Can you confirm that you are checking the RMSD between each atom of the compound, and not the average RMSD?
Which two pose ID's are coming back as sufficiently unique? is it 108 and 109 (referring to the table above)
The version
column is a placeholder for arbitrary metadata that may be in the original SDF, so yes it's important that this gets stored in the database for filtering, sorting, etc. once it's displayed in the F/E.
@mwinokan I was using average because that's what M means in RMSD. Do you mean then simply the distance between atoms?
@kaliif apologies that was a miscommunication on my part!
Yes please, treat any two ligand conformations as identical if they do not have at least one pair of matching atoms 0.5 Angstrom apart.

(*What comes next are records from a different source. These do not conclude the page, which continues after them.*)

(* Let $k>t+1$, $n>2k-t$, and let $\mathcal{S}_p$ be a maximal set of $k$-spaces in $\mathrm{PG}(n,q)$ pairwise intersecting in at least a $t$-space. Let $\psi(\mathcal{S}_p)=\min\{\dim T: T\text{ a subspace of }\mathrm{PG}(n,q),\ \dim(T\cap\alpha)\geq t\ \forall\alpha\in\mathcal{S}_p\}$ and let $\mathcal{T}$ be the set of all $\psi(\mathcal{S}_p)$-dimensional subspaces meeting every element of $\mathcal{S}_p$ in at least a $t$-space. Then: (1) $t\leq\psi(\mathcal{S}_p)\leq k$, and if $\psi(\mathcal{S}_p)=t$ then $\mathcal{S}_p$ is a $t$-pencil; (2) if $T\in\mathcal{T}$, then all $k$-spaces containing $T$ belong to $\mathcal{S}_p$; (3) any two elements of $\mathcal{T}$ intersect in at least a $t$-space.
   Context: Dimensions are projective; ''intersect in at least a $t$-space'' means the intersection has dimension at least $t$. Maximal means no further $k$-space can be added keeping the property. A $t$-pencil is the set of all $k$-spaces through a fixed $t$-space. *)

From HB Require Import structures.
From mathcomp Require Import all_boot all_order all_algebra all_field.
Set Implicit Arguments. Unset Strict Implicit. Unset Printing Implicit Defensive.
Import GRing.Theory.
Local Open Scope ring_scope.

(* PG(n,q) is modelled by the vector space 'rV[F]_(n.+1) over a finite field F
   (q = #|F|).  A projective d-space is a vector subspace of (vector)
   dimension d+1.  Projective dimension of U is \dim U - 1. *)

Notation PGspace F n := {vspace 'rV[F]_(n.+1)}.

Definition is_kspace (F : finFieldType) (n k : nat) (U : PGspace F n) : Prop :=
  \dim U = k.+1.

Definition meet_t (F : finFieldType) (n t : nat) (U V : PGspace F n) : Prop :=
  (t.+1 <= \dim (U :&: V))%N.

Definition t_intersecting (F : finFieldType) (n k t : nat)
    (S : PGspace F n -> Prop) : Prop :=
  (forall U, S U -> is_kspace k U) /\
  (forall U V, S U -> S V -> meet_t t U V).

Definition maximal_t_intersecting (F : finFieldType) (n k t : nat)
    (S : PGspace F n -> Prop) : Prop :=
  t_intersecting k t S /\
  (forall B, is_kspace k B -> ~ S B ->
     ~ t_intersecting k t (fun U => S U \/ U = B)).

Definition meets_all (F : finFieldType) (n t : nat)
    (S : PGspace F n -> Prop) (T : PGspace F n) : Prop :=
  forall A, S A -> meet_t t T A.

Definition is_psi (F : finFieldType) (n t : nat)
    (S : PGspace F n -> Prop) (p : nat) : Prop :=
  (exists T, \dim T = p.+1 /\ meets_all t S T) /\
  (forall T, meets_all t S T -> (p.+1 <= \dim T)%N).

Definition calT (F : finFieldType) (n t : nat)
    (S : PGspace F n -> Prop) (p : nat) (T : PGspace F n) : Prop :=
  \dim T = p.+1 /\ meets_all t S T.

Definition is_t_pencil (F : finFieldType) (n k t : nat)
    (S : PGspace F n -> Prop) : Prop :=
  exists T0 : PGspace F n, \dim T0 = t.+1 /\
    (forall U, S U <-> (is_kspace k U /\ (T0 <= U)%VS)).

(* Maximality of S means that a k-space belongs to S as soon as it meets every
   member of S in at least a t-space, and this property passes to
   superspaces; hence every k-space through an element of calT lies in S,
   and when psi = t the t-space of calT is contained in every member of S.
   Every member of S meets all members, so psi <= k.  If two elements of calT
   met in less than a t-space, they could be enlarged to k-spaces, by adding
   points outside the span so far, without enlarging their intersection
   beyond a t-space (this is where n > 2k - t is used); both k-spaces would
   lie in S, contradicting pairwise t-intersection. *)

From HB Require Import structures.
From mathcomp Require Import all_boot all_order all_algebra all_field.
From mathcomp Require Import zify.
From Stdlib Require Import Classical.

Set Implicit Arguments.
Unset Strict Implicit.
Unset Printing Implicit Defensive.

Section Extension.
Variables (K : fieldType) (vT : vectType K).
Implicit Types (U V W T : {vspace vT}) (v : vT).

Lemma dim_addv_line U v : v \notin U -> \dim (U + <[v]>)%VS = (\dim U).+1.
Proof.
move=> vU; have /dimv_leqif_sup geU := addvSl U <[v]>.
have ltU : \dim U < \dim (U + <[v]>) by rewrite (ltn_leqif geU) subv_add subvv.
have := dimv_sum_cap U <[v]>; rewrite dim_vline.
by case: (v != 0%R) => /=; lia.
Qed.

Lemma vpick_compl_notin U : \dim U < \dim {:vT} -> vpick U^C \notin U.
Proof.
move=> ltU; apply/negP => vU.
have : vpick U^C \in (U :&: U^C)%VS by rewrite memv_cap vU memv_pick.
rewrite capv_compl memv0 vpick0 -dimv_eq0 dimv_compl; lia.
Qed.

Lemma extend_subspace1 U V : \dim U < \dim {:vT} ->
  exists2 W, (U <= W)%VS &
    \dim W = (\dim U).+1 /\ minn (\dim {:vT}) (\dim (U + V)).+1 <= \dim (W + V).
Proof.
move=> ltU; case: (ltnP (\dim (U + V)) (\dim {:vT})) => [ltUV | geUV].
- have vUV := vpick_compl_notin ltUV; set v := vpick _ in vUV.
  have vU : v \notin U by apply: contra vUV => /(subvP (addvSl U V)).
  exists (U + <[v]>)%VS; first exact: addvSl.
  split; first exact: dim_addv_line.
  have -> : (U + <[v]> + V = U + V + <[v]>)%VS by rewrite -!addvA [(<[v]> + V)%VS]addvC.
  by rewrite dim_addv_line // geq_minr.
- exists (U + <[vpick U^C]>)%VS; first exact: addvSl.
  split; first exact/dim_addv_line/vpick_compl_notin.
  apply: leq_trans (geq_minl _ _) (leq_trans geUV (dimvS _)).
  exact: addvS (addvSl _ _) (subvv _).
Qed.

(* Each added vector is taken outside [U + V] until that sum is the whole space. *)
Lemma extend_subspace U V r : \dim U + r <= \dim {:vT} ->
  exists2 W, (U <= W)%VS &
    \dim W = \dim U + r /\ minn (\dim {:vT}) (\dim (U + V) + r) <= \dim (W + V).
Proof.
elim: r U => [|r IHr] U leUr.
  by exists U => //; rewrite !addn0 geq_minr.
have [W1 sUW1 [dW1 leW1]] := extend_subspace1 V (ltac:(lia) : \dim U < \dim {:vT}).
have [W sW1W [dW leW]] := IHr W1 (ltac:(lia)).
exists W; first exact: subv_trans sUW1 sW1W.
lia.
Qed.

Lemma exists_vspace_dim m : m <= \dim {:vT} -> exists U : {vspace vT}, \dim U = m.
Proof.
move=> lem; have [U _ [dU _]] :=
  extend_subspace (U := 0%VS) 0%VS (r := m) (ltac:(rewrite dimv0; lia)).
by exists U; rewrite dU dimv0.
Qed.

Lemma extend_pair_cap T1 T2 m :
    \dim T1 <= m -> \dim T2 <= m -> m <= \dim {:vT} ->
  exists B1 B2, [/\ (T1 <= B1)%VS, (T2 <= B2)%VS, \dim B1 = m, \dim B2 = m &
    \dim (B1 :&: B2) <= maxn (\dim (T1 :&: T2)) (m + m - \dim {:vT})].
Proof.
move=> leT1 leT2 lemN.
have [B1 sTB1 [dB1 leB1]] := extend_subspace (U := T1) T2 (r := m - \dim T1) (ltac:(lia)).
have [B2 sTB2 [dB2 leB2]] := extend_subspace (U := T2) B1 (r := m - \dim T2) (ltac:(lia)).
exists B1, B2; split=> //; [lia | lia |].
rewrite [(T2 + B1)%VS]addvC [(B2 + B1)%VS]addvC in leB2.
have := dimv_sum_cap T1 T2; have := dimv_sum_cap B1 B2; lia.
Qed.

End Extension.

Lemma dimvf_row (K : fieldType) m : \dim {:'rV[K]_m} = m.
Proof. by rewrite dimvf /dim /= mul1n. Qed.

Section MaximalFamily.
Variables (F : finFieldType) (n k t : nat) (S : PGspace F n -> Prop).

Lemma meets_allS T B : meets_all t S T -> (T <= B)%VS -> meets_all t S B.
Proof. by move=> mT sTB A SA; apply: leq_trans (mT A SA) (dimvS (capvS sTB (subvv A))). Qed.

Hypotheses (le_t_k : t <= k) (maxS : maximal_t_intersecting k t S).

Lemma maximal_mem B : is_kspace k B -> meets_all t S B -> S B.
Proof.
have [[Sk Sint] Smax] := maxS.
move=> kB mB; apply: NNPP => nSB; apply: (Smax B kB nSB); split.
  by move=> U [/Sk | ->].
rewrite /meet_t; move=> U V [SU | ->] [SV | ->].
- exact: Sint.
- by rewrite capvC; apply: mB.
- exact: mB.
- by rewrite capvv kB.
Qed.

Lemma maximal_nonempty : k <= n -> exists A, S A.
Proof.
move=> le_k_n; have [B kB] : exists B : PGspace F n, is_kspace k B.
  by apply: exists_vspace_dim; rewrite dimvf_row.
apply: NNPP => noS; apply: (noS); exists B; apply: maximal_mem => // A SA.
by case: noS; exists A.
Qed.

Lemma is_psi_bounds p : k <= n -> is_psi t S p -> t <= p <= k.
Proof.
move=> le_k_n [[T [dT mT]] minp]; have [[Sk Sint] _] := maxS.
have [A SA] := maximal_nonempty le_k_n.
have ltp : p < k.+1 by rewrite -(Sk A SA); apply: minp => A' /(Sint A A' SA).
have := mT A SA; have := dimvS (capvSl T A); rewrite /meet_t dT; lia.
Qed.

Lemma is_psi_pencil : is_psi t S t -> is_t_pencil k t S.
Proof.
move=> [[T [dT mT]] _]; have [[Sk _] _] := maxS.
exists T; split=> // U; split => [SU | [kU sTU]].
  split; first exact: Sk.
  by apply/capv_idPl/eqP; rewrite eqEdim capvSl dT; apply: mT.
exact: maximal_mem (meets_allS mT sTU).
Qed.

Lemma meets_all_meet_t T1 T2 : 2 * k - t < n ->
    \dim T1 <= k.+1 -> \dim T2 <= k.+1 ->
  meets_all t S T1 -> meets_all t S T2 -> meet_t t T1 T2.
Proof.
move=> lt_n leT1 leT2 m1 m2; have [[_ Sint] _] := maxS.
rewrite /meet_t leqNgt; apply/negP => smallT.
have [B1 [B2 [sTB1 sTB2 kB1 kB2 capB]]] :=
  extend_pair_cap leT1 leT2 (ltac:(rewrite dimvf_row; lia)).
have SB1 := maximal_mem kB1 (meets_allS m1 sTB1).
have SB2 := maximal_mem kB2 (meets_allS m2 sTB2).
have := Sint B1 B2 SB1 SB2; rewrite /meet_t dimvf_row in capB *; lia.
Qed.

End MaximalFamily.

Theorem mainTheorem8 (F : finFieldType) (n k t : nat)
  (S : PGspace F n -> Prop) (p : nat) :
  (t.+1 < k)%N -> (2 * k - t < n)%N ->
  maximal_t_intersecting k t S ->
  is_psi t S p ->
  [/\ ((t <= p)%N /\ (p <= k)%N /\ (p = t -> is_t_pencil k t S)),
      (forall T, calT t S p T ->
         forall B, is_kspace k B -> (T <= B)%VS -> S B)
    & (forall T1 T2, calT t S p T1 -> calT t S p T2 -> meet_t t T1 T2)].
Proof.
move=> lt_t1_k lt_n maxS psiS.
have le_t_k : t <= k by lia.
have le_k_n : k <= n by lia.
have /andP[le_t_p le_p_k] := is_psi_bounds le_t_k maxS le_k_n psiS.
split.
- do 2!split=> //.
  by move=> eq_pt; subst t; apply: is_psi_pencil le_t_k maxS psiS.
- move=> T [_ mT] B kB sTB.
  exact: (maximal_mem le_t_k maxS kB (meets_allS mT sTB)).
- move=> T1 T2 [dT1 mT1] [dT2 mT2].
  by apply: (meets_all_meet_t le_t_k maxS lt_n) mT1 mT2; rewrite ?dT1 ?dT2.
Qed.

Testing using Kalev's stack:
upload_cset
does not actually change the behaviour. When selected the old compound set should be replaced by the new oneChatting to @kaliif in the meeting about the compound names, using the first four characters of the INChI-keys could lead to clashes:
A71EV2A-BHKV-A
, the BHKV is from the InChI-key which will could not be unique across many compounds. Please change to using an integer serial so that we can also roughly tell the order in which compounds were uploaded/registered.
I.e.: A71EV2A-1-A
, A71EV2A-3423-A
@mwinokan see if I got this right:
@kaliif yes that's correct
@kaliif after speaking to Frank we want to have shorter names for the RHS compounds, that are more similar to the LHS:
Please could you change them to:
v1234a
v
for virtual1234
will be the serial index of the compounda
is the alphabetic index of the pose/conformation@kaliif says this is live on his stack. @mwinokan to test
After testing on 2024/06/24, the features as requested in this ticket are working correctly with the test data, thank you @kaliif!
I did spot some F/E changes that I put in #1404
From a zoom call with @kaliif
While preparing RHS test data for @boriskovar-m2ms, we discovered some outstanding issues on this ticket. Namely the 'version' metadata column should not be explicitly required. Instead:
Any new RHS upload containing molecules matching previously uploaded ones (matched via inchikey and atomic distance) should overwrite the previous metadata, even if this causes a loss of old metadata.
@kaliif please remove the need for the 'version' column, and implement the above. Please also include a warning in the logs including a full dump of the metadata text being overwritten, so that in the worst case it can be retrieved from the logs.
A final thought I had, are the unprocessed SDFs of each upload stored on the filesystem somewhere? Those could help in the rare case of unwanted metadata loss
@kaliif please check that the above was implemented (I think it was) and then update the status of this ticket
This is done and merged to staging
It's not possible to overwrite a RHS CSET upload, a duplicate is made. Ideally in the case of updating a compound set, when incremental uploads only add metadata to existing entries, the compounds should have a persistent name.